Sparkasse Horn Arena
- Interactive map of Sparkasse Horn Arena
- Former names: Sportanlage Horn, SV Horn Arena, Waldviertler Volksbank Arena
- Location: Horn, Austria
- Coordinates: 48°40′13″N 15°39′49″E﻿ / ﻿48.6704°N 15.6635°E
- Capacity: 4000
- Surface: Grass

Construction
- Opened: 1958
- Renovated: 1997, 2007, 2010, 2011

Tenant
- SV Horn

= Sparkasse Horn Arena =

Football stadium

The Sparkasse Horn Arena is a football stadium in the municipality of Horn in the state of Lower Austria. It is the home ground of SV Horn, which is currently playing in the 2nd division.

==History==
The stadium was built in 1958 under the name Sportanlage Horn, and later renamed SV Horn Arena. In the 1970s a floodlight system and a grandstand were built. In 1997 the clubhouse was built.
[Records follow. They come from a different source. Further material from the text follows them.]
Theorem ample_component_convex C C' :
  ample C -> C' \subset C -> locally_convex_in C' C -> component_convex C' C.
Proof.
have [n] := ubnP #|C|; elim: n C C' => // n IHn C C' ltn ampC sub lc c c' cC' cc'.
have fiber_cvx e w : w \in C -> toggle w e \in C ->
    component_convex (fiber C' e (e \in w)) (fiber C e (e \in w)).
  move=> wC twC; apply: IHn; last exact: locally_convex_fiber.
  - exact: leq_trans (card_fiber_lt _ wC twC) (ltnSE ltn).
  - exact: ample_fiber.
  - exact: fiberS.
have crossing g : g \in symd c c' ->
    exists u, [/\ u \in C', toggle u g \in C' & connect (adj_in C') c u].
  move=> gcc'; have [|u [uC' tuC' _ cu]] := connect_cross cC' cc' (e := g).
    by move: gcc'; rewrite in_symd; case: (g \in c); case: (g \in c').
  by exists u; split=> //; apply: connect_adj_in_sub cu; apply: fiber_sub.
have csym : connect_sym (adj_in C') := sym_connect_sym (adj_in_sym C').
apply/subsetP => t; rewrite in_setI => /andP[tB tC].
suff : (t \in C') && connect (adj_in C') c t by case/andP.
have := ample_geodesic ampC (subsetP sub c cC') tC.
apply: (connect_invariant (P := fun w => (w \in C') && connect (adj_in C') c w)).
  by rewrite cC' connect0.
move=> w w' /andP[wC' cw] /adj_inP[]; rewrite !in_setI.
move=> /andP[wB wC] /andP[twB twC] /adjGP[g w'E]; subst w'.
have gcc' : g \in symd c c'.
  by apply: (Bcube_edge (s := w)); apply: (subsetP (Bcube_subset (mem_Bcube_l c c') tB)).
have [u [uC' tuC' cu]] := crossing g gcc'.
have twC' : toggle w g \in C'.
  apply: (flip_along_component ampC sub lc (fiber_cvx g w wC twC) wC' twC uC' tuC').
  by apply: connect_trans cu; rewrite csym.
by rewrite twC' (connect_trans cw (connect1 (adj_in_toggle wC' twC'))).
Qed.

End Ample.

Theorem lemma4p8 (X : finType) (C C' : {set {set X}}) :
  ample C -> C' \subset C -> graph_connected C' ->
  (convex_in C' C <-> locally_convex_in C' C).
Proof.
move=> ampC sub conn; split=> [cvx c c' cC' c'C' _|lc c c' cC' c'C']; first exact: cvx.
have [p [cp pC' <-]] := conn c c' cC' c'C'.
apply: (ample_component_convex ampC sub lc cC').
by apply/connectP; exists p => //; apply: path_adj_in.
Qed.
Further conversions and extensions took place in 2007, 2010 and 2011/12 in connection with the promotion of SV Horn to the second division.

In 2012 the name was changed to Waldviertler Volksbank Arena. In addition to the V.I.P. area, the stadium has 1,000 covered seats, 500 covered standing places and 2,100 additional standing places. In February 2020 the stadium was named Sparkasse Horn Arena.